Amendment to Companies Prospectus and Allotment of Securities Rules – Demat & Share Warrants

The MCA, by way of a Notification dated October 27, 2023, has amended the Companies (Prospectus and Allotment of Securities) Rules, 2014. The key regulatory changes brought about by the Notification are set out below:

i.    Share Warrants: Every public company which has issued share warrants prior to the commencement of Companies Act, 2013 (‘Act’) and has not converted such share warrants into shares must: (i) file the details of such share warrants with the RoC in form PAS-7 by January 27, 2024; and (ii) require the bearer of the share warrants to surrender them to the Company and issue dematerialized shares in the name of such bearer by April 27, 2024. To notify the bearers to surrender their share warrants, the Company is required to issue a notice in form PAS-8 on their website, if any, and must also publish the notice in a vernacular language in a newspaper which is in circulation in the district and in English language in an English newspaper, widely in circulation in the State where the registered office of the Company is situated.

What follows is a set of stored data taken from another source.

Lemma graph_cross_params a b s t s' t' (u v : L) :
  (s = 0 -> t = 0) -> (s' = 0 -> t' = 0) -> u != 0 -> v != 0 ->
  s * u ^+ q * (s' * v ^+ q + t' * v) = s' * v ^+ q * (s * u ^+ q + t * u) ->
  (if a == b then s * u ^+ q * v = s' * v ^+ q * u
   else s * u ^+ q * v = 0 /\ s' * v ^+ q * u = 0) ->
  [/\ (s == 0) = (s' == 0), s != 0 -> a = b /\ t = t',
      s' * (u / v) = s * (u / v) ^+ q & X a s t u = (u / v) * X b s' t' v].
Proof.
move=> st s't' un vn Ehigh; have uqn : u ^+ q != 0 by rewrite expf_neq0.
have vqn : v ^+ q != 0 by rewrite expf_neq0.
case: eqP => [<- {b} Elow | _ [/eqP s0 /eqP s'0]]; last first.
  move: s0 s'0; rewrite !mulf_eq0 (negbTE uqn) (negbTE vqn) (negbTE un) (negbTE vn).
  rewrite !orbF => /eqP s0 /eqP s'0; rewrite s0 s'0 (st s0) (s't' s'0) !eqxx !mul0r.
  by split=> //; rewrite /graph_map !mul0r !add0r !mul0r !addr0 divfK.
have ss' : (s == 0) = (s' == 0).
  apply/eqP/eqP => [s0 | s'0]; move: Elow; rewrite ?s0 ?s'0 !mul0r.
    by move/esym/eqP; rewrite !mulf_eq0 (negbTE vqn) (negbTE un) !orbF => /eqP.
  by move/eqP; rewrite !mulf_eq0 (negbTE uqn) (negbTE vn) !orbF => /eqP.
have tt' : t = t'.
  have [s0 | sn] := eqVneq s 0.
    by rewrite (st s0) s't' //; apply/eqP; rewrite -ss' s0.
  apply: (mulIf (mulf_neq0 (mulf_neq0 sn uqn) vn)); apply/eqP; rewrite -subr_eq0.
  have -> : t * (s * u ^+ q * v) - t' * (s * u ^+ q * v) =
      s' * v ^+ q * (s * u ^+ q + t * u) - s * u ^+ q * (s' * v ^+ q + t' * v)
      + t * (s * u ^+ q * v - s' * v ^+ q * u) by ring.
  by rewrite Ehigh Elow !subrr mulr0 addr0.
have sw : s' * v ^+ q * (u / v) = s * u ^+ q by rewrite mulrA -Elow mulfK.
split=> //; first by rewrite expr_div_n [RHS]mulrA -sw; field; rewrite vqn.
by rewrite /graph_map tt' -sw; field.
Qed.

If the bearer does not surrender the share warrants within the above-mentioned period, the Company must convert the non-surrendered share warrants into dematerialized shares and transfer them to the Investor Education and Protection Fund.

ii.   Dematerialization of Securities by Private Companies: Every private company (apart from a small company[1]) is required to dematerialize all its securities by October 1, 2024 (‘Cut-Off Date’). After the Cut-Off Date, private companies may only issue securities in dematerialized form.

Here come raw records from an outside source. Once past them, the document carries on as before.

(* Let $\rho\in[0,1)$. Then \[ (1-3\rho+2\rho^{n+1})n+3\rho^{n+1}\ge3\rho\quad\text{for all integers } n\ge1 \] holds if and only if $\rho\in[0,\tfrac15]$. *)

From Stdlib Require Import Reals Lra Lia.

(* At n = 1 the inequality reads (1 - rho)(1 - 5 rho) >= 0, which for rho < 1
   is exactly rho <= 1/5.  For n >= 2 the powers of rho only help, and
   (1 - 3 rho) n >= 2 - 6 rho >= 3 rho as soon as rho <= 2/9. *)
From Stdlib Require Import Reals Lra Lia.
Open Scope R_scope.

Lemma ineq_at_one_iff (rho : R) (Hrho : rho < 1) :
  (1 - 3 * rho + 2 * rho ^ (1 + 1)) * INR 1 + 3 * rho ^ (1 + 1) >= 3 * rho
  <-> rho <= 1 / 5.
Proof.
  assert (Hfactor : (1 - 3 * rho + 2 * rho ^ (1 + 1)) * INR 1
                    + 3 * rho ^ (1 + 1) - 3 * rho = (1 - rho) * (1 - 5 * rho)).
  { simpl; ring. }
  split; intros H; nra.
Qed.

Lemma ineq_from_two (rho : R) (n : nat) :
  0 <= rho <= 2 / 9 -> (2 <= n)%nat ->
  (1 - 3 * rho + 2 * rho ^ (n + 1)) * INR n + 3 * rho ^ (n + 1) >= 3 * rho.
Proof.
  intros Hrho Hn.
  assert (Hn_ge2 : 2 <= INR n) by (change 2 with (INR 2); apply le_INR; exact Hn).
  assert (Hpow : 0 <= rho ^ (n + 1)) by (apply pow_le; lra).
  assert (Hlin : (1 - 3 * rho) * INR n >= 3 * rho) by nra.
  nra.
Qed.

Theorem lemma4p2 (rho : R) (Hrho : 0 <= rho < 1) :
  (forall n : nat, (1 <= n)%nat ->
     (1 - 3 * rho + 2 * rho ^ (n + 1)) * INR n + 3 * rho ^ (n + 1) >= 3 * rho)
  <-> (0 <= rho <= 1 / 5).
Proof.
  split.
  - intros H.
    split; [lra |].
    apply ineq_at_one_iff; [lra |].
    exact (H 1%nat (le_n 1)).
  - intros Hr n Hn.
    destruct (Nat.eq_dec n 1) as [-> | Hn1].
    + apply ineq_at_one_iff; lra.
    + apply ineq_from_two; [lra | lia].
Qed.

iii.  Restriction on Transfer of Shares Held in Physical Format: After the Cut-Off Date, all holders of securities in physical form are required to get such securities dematerialized before undertaking any transfer. Further, if any existing shareholder of a company intends to subscribe to further securities of such company by way of private placement or bonus shares or rights offer after the Cut-Off Date, such person is required to dematerialize their existing holdings prior to such subscription.

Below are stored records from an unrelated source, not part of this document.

Lemma f_lin_tangent_lt j x0 x : (j < N)%nat -> zv j <> 0 -> x <> x0 ->
  f_lin N ce zv q x0 + df_lin N ce zv q x0 * (x - x0) < f_lin N ce zv q x.
Proof.
  intros Hj Hz Hx. rewrite !f_lin_boltzmann.
  set (F := fun k => boltzmann ce zv q x0 k * (1 - zv k * (x - x0))).
  assert (EF : rsum N F = rsum N (boltzmann ce zv q x0) + df_lin N ce zv q x0 * (x - x0)).
  { unfold df_lin. rewrite <- rsum_scal_r, <- rsum_plus. apply rsum_ext. intros k _.
    unfold F. ring. }
  assert (Hgap := rsum_le_gap N F (boltzmann ce zv q x) j
    (fun k Hk => boltzmann_tangent_le x0 x k Hk) Hj).
  assert (Hj' := boltzmann_tangent_lt x0 x j Hj Hz Hx). fold (F j) in Hj'. lra.
Qed.

Lemma f_lin_continuity : continuity (f_lin N ce zv q).
Proof.
  apply (rsum_continuity N (fun k phi => ce k * (exp (- q k - zv k * phi) - 1))).
  intros k. reg.
Qed.

Lemma df_lin_continuity : continuity (df_lin N ce zv q).
Proof.
  apply (rsum_continuity N (fun k phi => - zv k * boltzmann ce zv q phi k)).
  intros k. unfold boltzmann. reg.
Qed.

Lemma f_lin_unbounded_right j : (j < N)%nat -> zv j < 0 ->
  forall x M, exists y, x < y /\ M < f_lin N ce zv q y.
Proof.
  intros Hj Hz x M.
  destruct (exp_affine_unbounded (ce j) (- q j) (- zv j) (Hce j Hj) ltac:(lra)
              x (M + rsum N ce)) as [y [Hxy Hy]].
  exists y; split; [exact Hxy|].
  assert (Hb := rsum_le_gap N (fun _ => 0) (boltzmann ce zv q y) j
    (fun k Hk => Rlt_le _ _ (boltzmann_pos y k Hk)) Hj).
  assert (Ej : boltzmann ce zv q y j = ce j * exp (- q j + - zv j * y))
    by (unfold boltzmann; do 2 f_equal; ring).
  rewrite rsum_zero, Ej in Hb. rewrite f_lin_boltzmann.
  lra.
Qed.

End LinearPotential.

Lemma f_lin_reflect N ce zv q phi :
  f_lin N ce (fun k => - zv k) q (- phi) = f_lin N ce zv q phi.
Proof.
  apply rsum_ext. intros k _.
  now replace (- q k - - zv k * - phi) with (- q k - zv k * phi) by ring.
Qed.

Lemma f_lin_unbounded_left N ce zv q j : (forall k, (k < N)%nat -> 0 < ce k) ->
  (j < N)%nat -> 0 < zv j -> forall x M, exists y, y < x /\ M < f_lin N ce zv q y.
Proof.
  intros Hce Hj Hz x M.
  destruct (f_lin_unbounded_right N ce (fun k => - zv k) q Hce j Hj ltac:(lra) (- x) M)
    as [y [Hxy Hy]].
  exists (- y); split; [lra|].
  now rewrite <- f_lin_reflect, Ropp_involutive.
Qed.

Lemma exists_pos_charge N zv ce : (forall k, (k < N)%nat -> 0 < ce k) ->
  rsum N (fun k => zv k * ce k) = 0 -> (exists k, (k < N)%nat /\ zv k <> 0) ->
  exists i, (i < N)%nat /\ 0 < zv i.
Proof.
  intros Hce Hneutral [k [Hk Hzk]].
  apply NNPP. intros Hnone.
  assert (Hnonpos : forall i, (i < N)%nat -> zv i <= 0)
    by (intros i Hi; apply Rnot_lt_le; intros Hzi; apply Hnone; eauto).
  assert (Hterm : forall i, (i < N)%nat -> zv i * ce i <= 0)
    by (intros i Hi; generalize (Hnonpos i Hi) (Hce i Hi); nra).
  assert (Hgap := rsum_le_gap N (fun i => zv i * ce i) (fun _ => 0) k Hterm Hk).
  rewrite Hneutral, rsum_zero in Hgap.
  assert (zv k < 0) by (generalize (Hnonpos k Hk); lra).
  assert (0 < ce k) by now apply Hce. nra.
Qed.

Lemma exists_neg_charge N zv ce : (forall k, (k < N)%nat -> 0 < ce k) ->
  rsum N (fun k => zv k * ce k) = 0 -> (exists k, (k < N)%nat /\ zv k <> 0) ->
  exists i, (i < N)%nat /\ zv i < 0.
Proof.
  intros Hce Hneutral [k [Hk Hzk]].
  destruct (exists_pos_charge N (fun k => - zv k) ce Hce) as [i [Hi Hzi]].
  - rewrite <- (Ropp_0), <- Hneutral, <- rsum_opp. apply rsum_ext. intros; ring.
  - exists k; split; [exact Hk|lra].
  - exists i; split; [exact Hi|lra].
Qed.

Lemma posdef_kernel_trivial N (L : nat -> nat -> R) (y : nat -> R) :
  (forall x : nat -> R, (exists i, (i < N)%nat /\ x i <> 0) ->
     0 < rsum N (fun i => rsum N (fun j => x i * L i j * x j))) ->
  (forall i, (i < N)%nat -> rsum N (fun j => L i j * y j) = 0) ->
  forall j, (j < N)%nat -> y j = 0.
Proof.
  intros Lpd Hy j Hj. apply NNPP. intros Hne.
  assert (Hpos := Lpd y (ex_intro _ j (conj Hj Hne))).
  assert (E : rsum N (fun i => rsum N (fun j => y i * L i j * y j)) = 0).
  { rewrite <- (rsum_zero N). apply rsum_ext. intros i Hi.
    rewrite <- (Rmult_0_r (y i)), <- (Hy i Hi), <- rsum_scal_l.
    apply rsum_ext. intros; ring. }
  lra.
Qed.

Section SteadyStates.

Variables (N : nat) (zv ce : nat -> R) (A z : R) (L : nat -> nat -> R) (p q : nat -> R).
Hypothesis Hce : forall k, (k < N)%nat -> 0 < ce k.
Hypothesis HA : 0 < A.
Hypothesis Lpd : forall x : nat -> R, (exists i, (i < N)%nat /\ x i <> 0) ->
  0 < rsum N (fun i => rsum N (fun j => x i * L i j * x j)).
Hypothesis Hq : forall i, (i < N)%nat -> rsum N (fun j => L i j * q j) = p i.

Let f := f_lin N ce zv q.
Let df := df_lin N ce zv q.

Lemma steady_state_inv c v phi : steady_state N zv ce A z L p c v phi ->
  (forall k, (k < N)%nat -> c k = boltzmann ce zv q phi k) /\
  f phi < 0 /\ A / v = - f phi /\ df phi + z * f phi = 0.
Proof.
  intros [Hc [Hv [Hel [Hmu Hpi]]]].
  (* L (mu + q) = L mu + p = 0, so mu = - q *)
  assert (Hmuq : forall j, (j < N)%nat -> mu ce zv c phi j + q j = 0).
  { apply (posdef_kernel_trivial N L _ Lpd). intros i Hi.
    rewrite (rsum_ext N _ (fun j => L i j * mu ce zv c phi j + L i j * q j)) by (intros; ring).
    rewrite rsum_plus, Hq by exact Hi. exact (Hmu i Hi). }
  assert (Hcb : forall k, (k < N)%nat -> c k = boltzmann ce zv q phi k).
  { intros k Hk. unfold boltzmann.
    assert (Eln : ln (c k / ce k) = - q k - zv k * phi)
      by (generalize (Hmuq k Hk); unfold mu; lra).
    rewrite <- Eln, exp_ln by (apply Rdiv_lt_0_compat; auto).
    field. apply Rgt_not_eq, Hce, Hk. }
  assert (Hf : f phi = rsum N c - rsum N ce).
  { unfold f. rewrite f_lin_boltzmann. f_equal. symmetry. now apply rsum_ext. }
  assert (HAv : A / v = - f phi) by (unfold pi_w in Hpi; lra).
  assert (0 < A / v) by (apply Rdiv_lt_0_compat; assumption).
  assert (Hcharge : rsum N (fun k => zv k * c k) = - df phi).
  { unfold df. rewrite <- charge_boltzmann. apply rsum_ext. intros k Hk. now rewrite Hcb. }
  replace (z * A / v) with (z * (A / v)) in Hel by (unfold Rdiv; ring).
  rewrite Hcharge, HAv in Hel.
  repeat split; try assumption; lra.
Qed.

Lemma steady_state_of_root phi : f phi < 0 -> df phi + z * f phi = 0 ->
  steady_state N zv ce A z L p (boltzmann ce zv q phi) (- A / f phi) phi.
Proof.
  intros Hf Hh.
  assert (HAv : A / (- A / f phi) = - f phi) by (field; lra).
  split; [|split; [|split; [|split]]].
  - intros k Hk. exact (boltzmann_pos N ce zv q Hce phi k Hk).
  - apply Rdiv_neg_neg; lra.
  - replace (z * A / (- A / f phi)) with (z * (A / (- A / f phi))) by (field; lra).
    rewrite HAv, charge_boltzmann. fold df. lra.
  - intros i Hi. rewrite <- Hq by exact Hi.
    rewrite (rsum_ext N _ (fun j => - (L i j * q j))); [rewrite rsum_opp; ring|].
    intros j Hj. unfold mu, boltzmann.
    replace (ce j * exp (- q j - zv j * phi) / ce j) with (exp (- q j - zv j * phi))
      by (field; apply Rgt_not_eq, Hce, Hj).
    rewrite ln_exp. ring.
  - unfold pi_w. rewrite HAv. unfold f. rewrite f_lin_boltzmann. ring.
Qed.

End SteadyStates.

Theorem proposition2
  (N : nat) (zv ce : nat -> R) (A z : R)
  (L : nat -> nat -> R) (p q : nat -> R) (zeta : R)
  (HN : (2 <= N)%nat)
  (Hz : exists k, (k < N)%nat /\ zv k <> 0)
  (Hce : forall k, (k < N)%nat -> 0 < ce k)
  (Hneutral : rsum N (fun k => zv k * ce k) = 0)
  (HA : 0 < A)
  (Hzeta : 0 < zeta)
  (Lsym : forall i j, (i < N)%nat -> (j < N)%nat -> L i j = L j i)
  (Lpd : forall x : nat -> R, (exists i, (i < N)%nat /\ x i <> 0) ->
           0 < rsum N (fun i => rsum N (fun j => x i * L i j * x j)))
  (Hq : forall i, (i < N)%nat -> rsum N (fun j => L i j * q j) = p i) :
  exists phimin : R,
    (forall phi, f_lin N ce zv q phimin <= f_lin N ce zv q phi) /\
    (forall phi', (forall phi, f_lin N ce zv q phi' <= f_lin N ce zv q phi) ->
                  phi' = phimin) /\
    (f_lin N ce zv q phimin < 0 ->
       exists (c : nat -> R) (v phi : R),
         steady_state N zv ce A z L p c v phi /\
         forall (c' : nat -> R) (v' phi' : R),
           steady_state N zv ce A z L p c' v' phi' ->
           (forall k, (k < N)%nat -> c' k = c k) /\ v' = v /\ phi' = phi) /\
    (0 <= f_lin N ce zv q phimin ->
       forall (c : nat -> R) (v phi : R), ~ steady_state N zv ce A z L p c v phi).
Proof.
  set (f := f_lin N ce zv q). set (df := df_lin N ce zv q).
  destruct Hz as [j0 [Hj0 Hzj0]].
  destruct (exists_pos_charge N zv ce Hce Hneutral (ex_intro _ j0 (conj Hj0 Hzj0)))
    as [i [Hi Hzi]].
  destruct (exists_neg_charge N zv ce Hce Hneutral (ex_intro _ j0 (conj Hj0 Hzj0)))
    as [j [Hj Hzj]].
  assert (Hf : continuity f) by apply f_lin_continuity.
  assert (Hdf : continuity df) by apply df_lin_continuity.
  assert (Htan : forall x0 x, x <> x0 -> f x0 + df x0 * (x - x0) < f x)
    by (intros; now apply (f_lin_tangent_lt N ce zv q Hce j0)).
  assert (Hright := f_lin_unbounded_right N ce zv q Hce j Hj Hzj).
  assert (Hleft := f_lin_unbounded_left N ce zv q i Hce Hi Hzi).
  destruct (exists_slope_root f df Hdf Htan Hright Hleft) as [m Hm].
  exists m; split; [|split; [|split]].
  - intros phi. exact (slope_root_minimizes f df Htan m phi Hm).
  - intros phi' Hmin. exact (minimizer_unique f df Htan m phi' Hm Hmin).
  - intros Hfm.
    destruct (exists_neg_root_slope_shift f df Hf Hdf Htan Hright Hleft z
                (ex_intro _ m Hfm)) as [s [Hfs Hs]].
    exists (boltzmann ce zv q s), (- A / f s), s.
    split; [now apply steady_state_of_root|].
    intros c' v' phi' Hss.
    destruct (steady_state_inv N zv ce A z L p q Hce HA Lpd Hq c' v' phi' Hss)
      as [Hc' [Hf' [HAv' Hh']]].
    assert (Ephi : phi' = s) by exact (neg_root_slope_shift_unique f df Htan z _ _ Hf' Hfs Hh' Hs).
    subst phi'. destruct Hss as [_ [Hv' _]].
    split; [exact Hc'|split; [|reflexivity]].
    replace v' with (A / (A / v')) by (field; lra). rewrite HAv'. unfold f. field. lra.
  - intros Hfm c v phi Hss.
    destruct (steady_state_inv N zv ce A z L p q Hce HA Lpd Hq c v phi Hss) as [_ [Hfphi _]].
    generalize (slope_root_minimizes f df Htan m phi Hm). fold f in Hfphi. lra.
Qed.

iv.   Obligation of Private Company to Dematerialize Shareholding of Certain Categories of Shareholders: A private company, prior to making: (i) any offer for issue of any securities; (ii) any buyback of securities; or (iii) any issue of bonus shares after the Cut-Off Date, is obligated to dematerialize the holdings of its promoters, directors, and KMP.

[1] A ‘small company’ is defined as a company other than a public company with: (i) paid up share capital equal to or less than ₹ 40,000,000 (approx. US$ 500,000); and (ii) turnover of equal to or less than ₹ 400,000,000 (approx. US$ 5,000,000). A ‘small company’ does not include a: (i) holding company or subsidiary company; (ii) a not-for-profit company; or (iii) company or body corporate governed by any special act.